В основе селекции, как известно, лежит процесс гибридизации, то есть выбор питательно (или в данном случае эстетически) предпочитаемых генотипов, скрещивание таких особей и последующая выборка среди их потомства тех, которые унаследовали все необходимые признаки. Так поколение за поколением селекционер доводит растение до требуемого состояния, выраженного в его фенотипе (то есть внешних проявлениях индивида). Другими словами, она, в отличие от видовой изоляции, основана на нарушении границ вида, этого «великого бастиона стабильности». Автор этого выражения, знаменитый биолог Эрнст Майр, давал виду следующее биологическое определение: «группы действительно или потенциально скрещивающихся естественных популяций, репродуктивно изолированных от других таких же групп» [9]. Сегодня в свете новых открытий или же распространения гибридов и химер в биотехнологических экспериментах, современные биологи и философы все больше и больше подчеркивают условность этого определения. Хотя надо отдать должное и самому Майру, который не абсолютизировал характер этих границ.

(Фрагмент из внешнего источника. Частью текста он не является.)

Lemma transportK a b d x : iter d pr x = a -> transport a d (transport b d x) = x.
Proof.
elim: d x => [|d IH] x; first by move=> /= ->.
rewrite iterSr => e /=; rewrite -/(transport b d.+1 x) transport_pred IH //.
rewrite index_uniq ?children_uniq ?children_size ?index_children_pred //.
by rewrite nth_index // mem_children_pred.
Qed.

Definition below (x u : T) : bool := `[< exists d, iter d pr x = u >].

Lemma depth_iter x u d : iter d pr x = u -> `|hr x - hr u|%N = d.
Proof. by move=> <-; rewrite hor_iter_pred; lia. Qed.

Lemma belowP x u : below x u -> iter `|hr x - hr u|%N pr x = u.
Proof. by move/asboolP => [d e]; rewrite (depth_iter e). Qed.

Lemma iter_below x u d : iter d pr x = u -> below x u.
Proof. by move=> e; apply/asboolP; exists d. Qed.

Lemma below_pred u x : below (pr x) u -> below x u.
Proof. by move/asboolP => [d e]; apply: (@iter_below _ _ d.+1); rewrite iterSr. Qed.

Lemma below_transport b d x : below (transport b d x) b.
Proof. exact: iter_below (iter_transport b d x). Qed.

Lemma pred_not_below u : ~~ below (pr u) u.
Proof.
apply/negP => /belowP /(congr1 hr); rewrite hor_iter_pred.
by have := hor_pred u; lia.
Qed.

Definition swap (u u' x : T) : T :=
  if below x u then transport u' `|hr x - hr u|%N x
  else if below x u' then transport u `|hr x - hr u|%N x else x.

Lemma swap_left u u' : swap u u' u = u'.
Proof. by rewrite /swap (iter_below (d := 0%N)) // subrr. Qed.

Lemma swap_out u u' x : ~~ below x u -> ~~ below x u' -> swap u u' x = x.
Proof. by move=> D D'; rewrite /swap (negbTE D) (negbTE D'). Qed.

Section Siblings.
Variables (u u' : T).
Hypotheses (pu : pr u = pr u') (uu' : u != u').

Lemma hor_siblings : hr u = hr u'.
Proof. by rewrite hor_pred pu -hor_pred. Qed.

Lemma below_siblings x : below x u -> ~~ below x u'.
Proof.
move=> /belowP e; apply/negP => /belowP e'.
by move: uu'; rewrite -e -e' -hor_siblings eqxx.
Qed.

Lemma swapC x : swap u u' x = swap u' u x.
Proof.
rewrite /swap -hor_siblings; case: ifPn => D; case: ifPn => D' //.
by move: (below_siblings D); rewrite D'.
Qed.

Lemma swap_pred_below x : below x u -> swap u u' (pr x) = pr (swap u u' x).
Proof.
move=> D; rewrite /swap D.
move: (belowP D); case E: `|hr x - hr u|%N => [|d] /= e.
  have Nu : ~~ below (pr x) u by rewrite -e pred_not_below.
  have Nu' : ~~ below (pr x) u'.
    apply/negP => /belowP /(congr1 hr); rewrite hor_iter_pred -hor_siblings -e.
    by have := hor_pred x; lia.
  by rewrite (negbTE Nu) (negbTE Nu') e pu.
have e2 : iter d pr (pr x) = u by rewrite -iterSr.
by rewrite (iter_below e2) (depth_iter e2) transport_pred.
Qed.

Lemma swapK_below x : below x u -> swap u u' (swap u u' x) = x.
Proof.
move=> D; rewrite {2}/swap D.
set d := `|hr x - hr u|%N.
have D' := below_transport u' d x.
have N : ~~ below (transport u' d x) u.
  by apply: contraL D'; apply: below_siblings.
rewrite /swap (negbTE N) D' hor_transport -hor_siblings.
have -> : `|(hr u + d%:Z - hr u)%R|%N = d by lia.
exact/transportK/belowP.
Qed.

End Siblings.

Lemma swap_pred u u' : pr u = pr u' -> u != u' ->
  forall x, swap u u' (pr x) = pr (swap u u' x).
Proof.
move=> pu uu' x; have u'u : u' != u by rewrite eq_sym.
case: (boolP (below x u)) => D; first exact: swap_pred_below.
case: (boolP (below x u')) => D'.
  by rewrite !(swapC pu uu'); exact: swap_pred_below (esym pu) u'u x D'.
by rewrite !swap_out // (contra (@below_pred _ x)).
Qed.

Lemma swapK u u' : pr u = pr u' -> u != u' -> involutive (swap u u').
Proof.
move=> pu uu' x; have u'u : u' != u by rewrite eq_sym.
case: (boolP (below x u)) => D; first exact: swapK_below.
case: (boolP (below x u')) => D'.
  by rewrite !(swapC pu uu'); exact: swapK_below (esym pu) u'u x D'.
by rewrite !swap_out.
Qed.

Definition swap_aff u u' (pu : pr u = pr u') (uu' : u != u') : aff T :=
  @Aff _ T (swap u u') (swap u u') (swapK pu uu') (swapK pu uu')
    (swap_pred pu uu').

(* Swapping the siblings [iter j pr y] and [iter j pr y'] fixes [o] and
   reduces [j]. *)
Lemma stab_transitive_iter j (y y' : T) : iter j pr y = iter j pr y' ->
  (forall i, (i < j)%N -> forall m, iter i pr y <> iter m pr o) ->
  (forall i, (i < j)%N -> forall m, iter i pr y' <> iter m pr o) ->
  exists g : aff T, afn g o = o /\ afn g y = y'.
Proof.
elim: j y y' => [|j IH] y y' /=; first by move=> -> _ _; exists (aff1 T).
set u := iter j pr y; set u' := iter j pr y' => pu Hy Hy'.
have Hy'j : forall i, (i < j)%N -> forall m, iter i pr y' <> iter m pr o.
  by move=> i ij; apply: Hy'; apply: ltnW.
have [uu'|uu'] := eqVneq u u'.
  by apply: IH => // i ij; apply: Hy; apply: ltnW.
pose s := swap_aff pu uu'.
have so : swap u u' o = o.
  by apply: swap_out; apply/negP => /asboolP [d e];
    [apply: (Hy j _ d) | apply: (Hy' j _ d)]; rewrite // e.
have [g [go gy]] : exists g : aff T, afn g o = o /\ afn g (swap u u' y) = y'.
  apply: IH => //.
    by have := iter_aff s j y; rewrite /= -/u swap_left => <-.
  move=> i ij m e; apply: (Hy i (ltnW ij) m).
  have := iter_aff s i (swap u u' y); have := iter_aff s m o.
  by rewrite /= (swapK pu uu') so e => -> ->.
by exists (aff_comp g s); rewrite /= so go.
Qed.

Lemma Tkr_stab_transitive k r (y y' : T) : Tkr k r y -> Tkr k r y' ->
  exists g : aff T, afn g o = o /\ afn g y = y'.
Proof.
move=> /TkrP [e Hy _] /TkrP [e' Hy' _].
by apply: (stab_transitive_iter (j := r)); rewrite ?e ?e'.
Qed.

End Automorphisms.

Section Measurability.
Variables (q : nat) (T : treeq q).
Local Notation pr := (@tpred q T).
Local Notation o := (@troot q T).

Definition descend (a : T) (s : seq nat) : T :=
  foldl (fun x i => nth x (children x) i) a s.

Lemma descend_surj m (x : T) : exists s, descend (iter m pr x) s = x.
Proof.
elim: m x => [|m IH] x; first by exists [::].
have [s e] := IH (pr x); exists (rcons s (index x (children (pr x)))).
rewrite iterSr /descend foldl_rcons -/(descend _ _) e.
by rewrite nth_index // mem_children_pred.
Qed.

Definition vtx_enum (n : nat) : T :=
  if choice.unpickle n is Some (a, s) then descend (iter a pr o) s else o.

Lemma vtx_enum_surj (x : T) : exists n, vtx_enum n = x.
Proof.
have [m [n e]] := tree_connected x o; have [s es] := descend_surj m x.
by exists (choice.pickle (n, s)); rewrite /vtx_enum choice.pickleK -e.
Qed.

Lemma measurable_afn_eq (x y : T) : measurable [set g : affM T | afn g x = y].
Proof. by apply: sub_sigma_algebra; exists x, y. Qed.

Lemma measurable_Omega0 (z : T) : measurable (Omega_at z 0 : set (bdryM T)).
Proof. by apply: sub_sigma_algebra; exists z. Qed.

(* Countably many vertices: split according to the values of [ainv g z] and
   [afn g o]. *)
Lemma measurable_stab_pred (z : T) (P : T -> T -> Prop) :
  measurable [set g : affM T | P (ainv g z) (afn g o)].
Proof.
have -> : [set g : affM T | P (ainv g z) (afn g o)] =
  \bigcup_n \bigcup_m ([set g : affM T | afn g (vtx_enum n) = z] `&`
     [set g : affM T | afn g o = vtx_enum m] `&`
     [set _ : affM T | P (vtx_enum n) (vtx_enum m)]).
  apply/seteqP; split => g /=; last first.
    by move=> [n _ [m _ /= [[e1 e2] Pnm]]]; rewrite -e1 afnK e2.
  move=> Pg; have [n en] := vtx_enum_surj (ainv g z).
  have [m em] := vtx_enum_surj (afn g o).
  by exists n => //; exists m => //=; rewrite en em ainvK.
apply: bigcupT_measurable => n; apply: bigcupT_measurable => m.
apply: measurableI; first by apply: measurableI; exact: measurable_afn_eq.
set C := [set _ : affM T | P (vtx_enum n) (vtx_enum m)].
have [H|H] := pselect (P (vtx_enum n) (vtx_enum m)).
  by have -> : C = setT by apply/seteqP; split.
by have -> : C = set0 by apply/seteqP; split.
Qed.

Lemma measurable_aff_comp (h : aff T) :
  measurable_fun [set: affM T] (fun g : affM T => aff_comp h g : affM T).
Proof.
apply: measurability => //.
move=> _ [_ [x [y ->]] <-].
rewrite (_ : _ `&` _ = [set g : affM T | afn g x = ainv h y]).
  exact: measurable_afn_eq.
apply/seteqP; split => g /=; first by move=> [_ /= <-]; rewrite afnK.
by move=> ->; rewrite ainvK.
Qed.

End Measurability.

Section Haar.
Variables (R : realType) (q : nat) (T : treeq q).

Lemma preimage_aff_comp_inv (h : aff T) (A : set (affM T)) :
  (fun g : affM T => aff_comp (aff_inv h) g : affM T) @^-1` A = lmul h A.
Proof.
apply/seteqP; split => g /=.
  by move=> Ag; exists (aff_comp (aff_inv h) g) => // x /=; rewrite ainvK.
move=> [a Aa ea]; suff -> : aff_comp (aff_inv h) g = a by [].
by apply: aff_ext => x /=; rewrite ea afnK.
Qed.

Lemma haar_integral_lmul (lam : {measure set (affM T) -> \bar R}) (h : aff T)
    (f : affM T -> \bar R) : is_haar lam ->
  measurable_fun [set: affM T] f -> (forall g : affM T, (0 <= f g)%E) ->
  (\int[lam]_(g in [set: affM T]) f (aff_comp (aff_inv h) g) =
   \int[lam]_(g in [set: affM T]) f g)%E.
Proof.
move=> [lam_lmul _] mf f0.
have mL := measurable_aff_comp (aff_inv h).
have := @ge0_integral_pushforward _ _ _ _ R _ mL lam setT f measurableT mf
  (fun g _ => f0 g).
rewrite preimage_setT => <-.
apply: eq_measure_integral => A mA _.
transitivity (lam (lmul h A)); last exact: lam_lmul.
by rewrite -preimage_aff_comp_inv.
Qed.

End Haar.

Section Invariance.
Variables (R : realType) (q : nat) (T : treeq q) (p : T -> T -> R).
Variables (lam : {measure set (affM T) -> \bar R})
  (nu : {measure set (bdryM T) -> \bar R}).
Local Notation o := (@troot q T).

Lemma semi_isotropic_stab (h : aff T) : semi_isotropic p -> afn h o = o ->
  forall w, p o (afn h w) = p o w.
Proof. by move=> [F pF] ho w; rewrite !pF -[in LHS]ho !up_aff. Qed.

Definition Omega0_weight (z : T) (g : affM T) : \bar R :=
  (nu (Omega_at (ainv g z) 0) * (p o (afn g o))%:E)%E.

Lemma Omega0_weight_ge0 z g : stochastic p -> (0 <= Omega0_weight z g)%E.
Proof. by move=> [p_ge0 _]; apply: mule_ge0 => //; rewrite lee_fin. Qed.

Lemma measurable_Omega0_weight z : measurable_fun [set: affM T] (Omega0_weight z).
Proof.
move=> _ B _; rewrite setTI.
exact: measurable_stab_pred z (fun x y => B (nu (Omega_at x 0) * (p o y)%:E)%E).
Qed.

Lemma nu_Omega0_integral z : mu_invariant lam p nu ->
  nu (Omega_at z 0) = (\int[lam]_(g in [set: affM T]) Omega0_weight z g)%E.
Proof.
move=> nu_inv; rewrite -(nu_inv _ (measurable_Omega0 z)) /conv.
by apply: eq_integral => g _; rewrite act_Omega0.
Qed.

Lemma nu_Omega0_stab (h : aff T) y : stochastic p -> semi_isotropic p ->
  is_haar lam -> mu_invariant lam p nu -> afn h o = o ->
  nu (Omega_at (afn h y) 0) = nu (Omega_at y 0).
Proof.
move=> p_stoch p_si lam_haar nu_inv ho.
have hinv_o : afn (aff_inv h) o = o by rewrite /= -{1}ho afnK.
rewrite !nu_Omega0_integral // -(haar_integral_lmul h lam_haar
  (measurable_Omega0_weight y) (fun g => Omega0_weight_ge0 y g p_stoch)).
apply: eq_integral => g _; rewrite /Omega0_weight /=.
by rewrite (semi_isotropic_stab p_si hinv_o).
Qed.

Lemma measure_Omega_Tkr k r : (1 <= r)%N ->
  nu (Omega k) = (\sum_(y \in @Tkr q T k r) nu (Omega_at y 0))%E.
Proof.
move=> r1; rewrite (Omega_bigcup_Tkr T k r1) measure_fin_bigcup //.
- exact: Tkr_finite.
- apply/trivIsetP => y y' Ty Ty' yy'.
  by apply: Omega0_disjoint; rewrite // (Tkr_hor Ty) (Tkr_hor Ty').
- by move=> y _; exact: measurable_Omega0.
Qed.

не экстраполируя биологические принципы на социальные, я предположу, что в любовном прямоугольнике или трапеции стейхена происходит еще более сложный процесс, где не только художник подчиняет цветок своим эстетическим запросам, но и сами цветы определяют чувственный опыт художника.

Возможно, такая параллель покажется излишне условной, но если традиционное современное искусство основано на производстве определенного вида искусства (медиума) или отдельного индивида (произведения), то в случае Стейхена мы с трудом можем установить границу произведения. Являются ли его работами только те дельфиниумы, которые были показаны в МоМА в 1936 году? Или же их семена, которые до сих пор можно приобрести? Скорее, гибридизацию можно понять как процесс, подчеркивающий условность видовых различий. Тем самым он обращается не к виду, популяции или отдельному организму, но высвобождает саму жизнь, постоянную текучесть витальных сил природы (и искусства). Художественная гибридизация — это квир-практика par excellence, которая на месте фиксированных идентичностей выделяет сам процесс становления. Такие искусство и жизнь — это постоянное движение создания и стирания границ через временное акцентирование генетических мутаций.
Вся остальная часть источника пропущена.